And yet, Binker died in his sleep lying beside Marla at their home. He was 43.

You’ll find stories about him here. Here. And here.

Tom Brady

Tom Brady. Yeah … him.

I know he was this great reporter and all. But we in the Scrubs and Scribes all knew him as the quick-witted, smack-talking manager of Right Honorable Gentleman — RHG for short – who loved having Tom Brady on his roster.

This season, I got to the Super Bowl – and lost. But you know, I’ve learned not to gripe about the serendipity of fantasy football. Plus, I got there on a new team name.

I renamed my crew Binkers … Bums.

I told Marla about it right before our season started last fall. She wrote: “He would be proud of Binker’s Bums.”

I figured he would.

scrubs

This year’s Scribes & Scrubs — at least some of us — for our last trash-talking session in January.

We all were bums, many of us newsroom ex-pats. We worked together at a place that felt like a pirate ship, full of characters with nicknames who challenged authority, used curse words as adjectives and thought nothing of hollering across a newsroom.

And we all could write like hell on deadline.

Like Binker.

With the season over, I asked a few of our league managers, the guys who played with Binker for years, to write about the man behind RHG.

We do miss him.

 

… From Jason Hardin

When I first moved to Greensboro in 2005, the office fantasy league was full. So I decided to start my own, and Mark was one of the first recruits.

I can’t remember if he had played before, but once he was in, he was really in. He got into it fast, and he was really good at it. But what I really remember is how, over the years, the league provided a connection.

cowboy boots

Jason with his daughter, Karen.

I remember the first draft we had in the fall of 2005. Back then, we did them in person, and it was a great way to get to know people better, which was especially nice for me, since being new to Greensboro I didn’t know many people well. We held it at a now-closed restaurant off Battleground Avenue. I can’t remember the name of the restaurant, but what I do distinctly remember is that after the draft, Mark lingered and we talked for a few minutes. About kids — I had a new baby — where we were from, that sort of thing.

Made me feel a little more at home in my new city.

When I moved from Greensboro several years later, I obviously didn’t see Mark or the other guys very often. The connection at that point was virtual. But he still maintained that connection.

When I moved to DC in 2014, he noted that was where he was from and asked me “To take good care of her.” And when I moved back to NC in 2016, he welcomed me back and noted my “repatriated” status.

All these comments and connections were pretty small.

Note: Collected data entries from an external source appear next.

(* There exists a deterministic algorithm that finds the sink of any $n$-dimensional Matoušek-type USO using at most $n$ vertex evaluations.
   Context: All vectors and matrices are over $GF(2)$; $\oplus$ denotes xor. An orientation of the hypercube $\{0,1\}^n$ is given by an outmap $o:\{0,1\}^n\to\{0,1\}^n$, the edge $\{v,v\oplus e_i\}$ being directed away from $v$ iff $o(v)_i=1$. An $n$-dimensional Matoušek-type USO is an orientation $o(v)=M(v\oplus s)$ with $M=PAP^T$ for a permutation matrix $P$ and an invertible upper-triangular $A\in\{0,1\}^{n\times n}$, and $s\in\{0,1\}^n$, the unique sink ($o(s)=0$). A sink-finding algorithm queries vertices $v$ and receives $o(v)$; it succeeds when it can output $s$. *)

(* Vertices of {0,1}^n are column vectors over 'F_2;
   xor is + in 'F_2. *)
From mathcomp Require Import all_boot all_order all_algebra all_fingroup.
Set Implicit Arguments. Unset Strict Implicit. Unset Printing Implicit Defensive.
Import GRing.Theory.
Local Open Scope ring_scope.

Definition vertex (n : nat) := 'cV['F_2]_n.

Definition upper_triangular (n : nat) (A : 'M['F_2]_n) : Prop :=
  forall i j : 'I_n, (j < i)%N -> A i j = 0.

Definition matousek_outmap (n : nat) (sigma : 'S_n) (A : 'M['F_2]_n)
    (s : vertex n) : vertex n -> vertex n :=
  fun v => (perm_mx sigma *m A *m (perm_mx sigma)^T) *m (v + s).

Definition is_matousek_uso (n : nat) (o : vertex n -> vertex n) (s : vertex n)
  : Prop :=
  exists (sigma : 'S_n) (A : 'M['F_2]_n),
    upper_triangular A /\ A \in unitmx /\ o = matousek_outmap sigma A s.

(* A deterministic adaptive sink-finding algorithm for dimension n:
   given the history of (queried vertex, answer) pairs, it chooses the next
   query; given the final history it outputs a vertex. *)
Record algorithm (n : nat) := Algorithm {
  next_query : seq (vertex n * vertex n) -> vertex n;
  output : seq (vertex n * vertex n) -> vertex n }.

Fixpoint history (n : nat) (alg : algorithm n) (o : vertex n -> vertex n)
    (k : nat) : seq (vertex n * vertex n) :=
  match k with
  | 0 => [::]
  | k'.+1 => let h := history alg o k' in
             let q := next_query alg h in rcons h (q, o q)
  end.

(* alg finds the sink of o using at most k vertex evaluations (making
   exactly k queries is no loss, since extra queries can be ignored). *)
Definition finds_sink_within (n : nat) (alg : algorithm n)
    (o : vertex n -> vertex n) (s : vertex n) (k : nat) : Prop :=
  output alg (history alg o k) = s.

From mathcomp Require Import all_boot all_order all_algebra all_fingroup.
From mathcomp Require Import zify.
Set Implicit Arguments. Unset Strict Implicit.
Import GRing.Theory.
Local Open Scope ring_scope.

(* Starting from 0, repeatedly jump from v to v + o(v), i.e. flip every
   outgoing edge; the output is the n-th such vertex.  Since
   o(v) = M (v + s) with M = P A P^T, the iterates satisfy
   v_k + s = (I + M)^k (v_0 + s).  Over GF(2) an invertible upper-triangular
   A has unit diagonal, so I + A is strictly upper triangular, hence
   (I + A)^n = 0; as I + M = P (I + A) P^T, also (I + M)^n = 0, i.e. v_n = s. *)

Section StrictlyUpperTriangular.

Variables (R : pzRingType) (n m : nat) (B : 'M[R]_n).
Hypothesis B_strict_upper : forall i j : 'I_n, (j <= i)%N -> B i j = 0.

Lemma iter_strict_upper_mulmx_bottom k (w : 'M[R]_(n, m)) (i : 'I_n) j :
  (n - k <= i)%N -> iter k (mulmx B) w i j = 0.
Proof.
elim: k w i => [|k IHk] w i le_i /=.
  by rewrite subn0 leqNgt ltn_ord in le_i.
rewrite mxE big1 // => l _.
have [le_li | lt_il] := leqP l i; first by rewrite B_strict_upper ?mul0r.
by rewrite IHk ?mulr0 //; have := ltn_ord l; lia.
Qed.

Lemma iter_strict_upper_mulmx_nilpotent (w : 'M[R]_(n, m)) :
  iter n (mulmx B) w = 0.
Proof.
by apply/matrixP => i j; rewrite mxE iter_strict_upper_mulmx_bottom ?subnn.
Qed.

End StrictlyUpperTriangular.

Lemma iter_mulmx_conj (R : pzRingType) n m (P Q B : 'M[R]_n)
    (w : 'M[R]_(n, m)) k :
    Q *m P = 1%:M ->
  iter k (mulmx (P *m B *m Q)) (P *m w) = P *m iter k (mulmx B) w.
Proof.
move=> QP; elim: k => [|k /= ->] //.
by rewrite -!mulmxA (mulmxA Q) QP mul1mx.
Qed.

Lemma iter_add_affine (R : pzRingType) n (M : 'M[R]_n) (s v : 'cV[R]_n) k :
  iter k (fun v => v + M *m (v + s)) v + s = iter k (mulmx (1%:M + M)) (v + s).
Proof. by elim: k => [|k /= <-] //; rewrite mulmxDl mul1mx addrAC. Qed.

Lemma perm_mx_trK (R : pzRingType) n (sigma : 'S_n) :
  (perm_mx sigma)^T *m perm_mx sigma = 1%:M :> 'M[R]_n.
Proof. by rewrite tr_perm_mx -perm_mxM mulVg perm_mx1. Qed.

Lemma perm_mxK_tr (R : pzRingType) n (sigma : 'S_n) :
  perm_mx sigma *m (perm_mx sigma)^T = 1%:M :> 'M[R]_n.
Proof. by rewrite tr_perm_mx -perm_mxM mulgV perm_mx1. Qed.

Lemma unitmx_trig_diag_neq0 (F : fieldType) n (A : 'M[F]_n) (i : 'I_n) :
  is_trig_mx A -> A \in unitmx -> A i i != 0.
Proof.
move=> A_trig; rewrite unitmxE unitfE (det_trig A_trig).
by move/prodf_neq0; apply.
Qed.

Lemma F2_neq0_eq1 (x : 'F_2) : x != 0 -> x = 1.
Proof. by move=> x_neq0; apply/val_inj; move: x_neq0; case: x => [[|[|]]]. Qed.

Lemma upper_triangular_unitmx_diag n (A : 'M['F_2]_n) (i : 'I_n) :
  upper_triangular A -> A \in unitmx -> A i i = 1.
Proof.
move=> A_upper A_unit; apply: F2_neq0_eq1.
have trA_trig : is_trig_mx A^T.
  by apply/is_trig_mxP => k l lt_kl; rewrite mxE A_upper.
by have := unitmx_trig_diag_neq0 i trA_trig; rewrite unitmx_tr mxE; apply.
Qed.

Lemma upper_triangular_unitmx_add1 n (A : 'M['F_2]_n) :
    upper_triangular A -> A \in unitmx ->
  forall i j : 'I_n, (j <= i)%N -> (1%:M + A) i j = 0.
Proof.
move=> A_upper A_unit i j; rewrite leq_eqVlt => /predU1P [/val_inj -> | lt_ji].
  by rewrite !mxE eqxx upper_triangular_unitmx_diag // addrr_pchar2 ?pchar_Fp.
by rewrite !mxE A_upper // -val_eqE /= gtn_eqF ?addr0.
Qed.

Definition flip_out_edges {n} (h : seq (vertex n * vertex n)) : vertex n :=
  let: (v, ov) := last (0, 0) h in v + ov.

Definition flip_algorithm n : algorithm n :=
  Algorithm (@flip_out_edges n) (@flip_out_edges n).

Lemma flip_out_edges_history n (o : vertex n -> vertex n) k :
  flip_out_edges (history (flip_algorithm n) o k) = iter k (fun v => v + o v) 0.
Proof.
elim: k => [|k /= <-]; first by rewrite /flip_out_edges /= addr0.
by rewrite {1}/flip_out_edges last_rcons.
Qed.

Theorem theorem18 :
  exists alg : forall n : nat, algorithm n,
    forall (n : nat) (o : vertex n -> vertex n) (s : vertex n),
      is_matousek_uso o s -> finds_sink_within (alg n) o s n.
Proof.
exists flip_algorithm => n o s [sigma [A [A_upper [A_unit ->]]]].
rewrite /finds_sink_within /= flip_out_edges_history /matousek_outmap.
set P := perm_mx sigma.
have conj_add1 : 1%:M + P *m A *m P^T = P *m (1%:M + A) *m P^T.
  by rewrite mulmxDr mulmxDl mulmx1 perm_mxK_tr.
have s_conj : s = P *m (P^T *m s) by rewrite mulmxA perm_mxK_tr mul1mx.
have sink_reached : iter n (fun v => v + P *m A *m P^T *m (v + s)) 0 + s = 0.
  rewrite iter_add_affine add0r conj_add1 s_conj.
  rewrite iter_mulmx_conj ?perm_mx_trK //.
  have add1_strict := upper_triangular_unitmx_add1 A_upper A_unit.
  by rewrite (iter_strict_upper_mulmx_nilpotent add1_strict) mulmx0.
move/eqP: sink_reached; rewrite addr_eq0 => /eqP ->.
by rewrite -scaleN1r oppr_pchar2 ?scale1r // pchar_Fp.
Qed.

But in many ways, it is the small, informal connections that, combined over time, do a lot of the heavy lifting of creating a society beyond just family and the closest friends.

It makes me think about the “Bowling Alone” theory, where social bonds have frayed because people don’t participate in bowling leagues, or any number of civic organizations, like they used to do.

But fantasy football does exactly that, and Mark did exactly what the “Bowling Alone” critics feel like is missing from out society today – he created and tended links between people who otherwise wouldn’t have had them.

**

… From Jonathan Jones

When I think about Mark and the RHG, what comes to mind is really how our relationship had shifted in recent years from being friends and colleagues to me becoming a regular source for his work.

j&J

Jonathan and Jamie Kennedy Jones.

It would lead to these funny conversations where he would call me up from the WRAL newsroom to ask about some government body that was clearly in violation of the state’s sunshine laws. Always, we’d talk about that for a few minutes. Then we’d spend twice as long catching up, and during football season that invariably turned to how our teams were doing – both real and fantasy.

I’m losing my interest in football for a lot of reasons, but talking about it with Mark from time to time was one of the things that kept me hanging on as long as I have.

I really looked forward to our semi-annual get togethers, which I hate that I missed the last couple years.

**

… From Eric Townsend

Mark Binker is who brought me to North Carolina. Literally.

eric-1

Eric with his son, Josh, minutes after he was born.

It was his old job as a county government reporter for which I applied in 2004 after learning about the opportunity through our mutual connections at the University of Maryland. You see, Binker and I are both Terps. He was a few years ahead of me in Maryland’s journalism graduate program, but we had a vibrant alumni network, so there were often job leads shared with the school by those already out in the industry.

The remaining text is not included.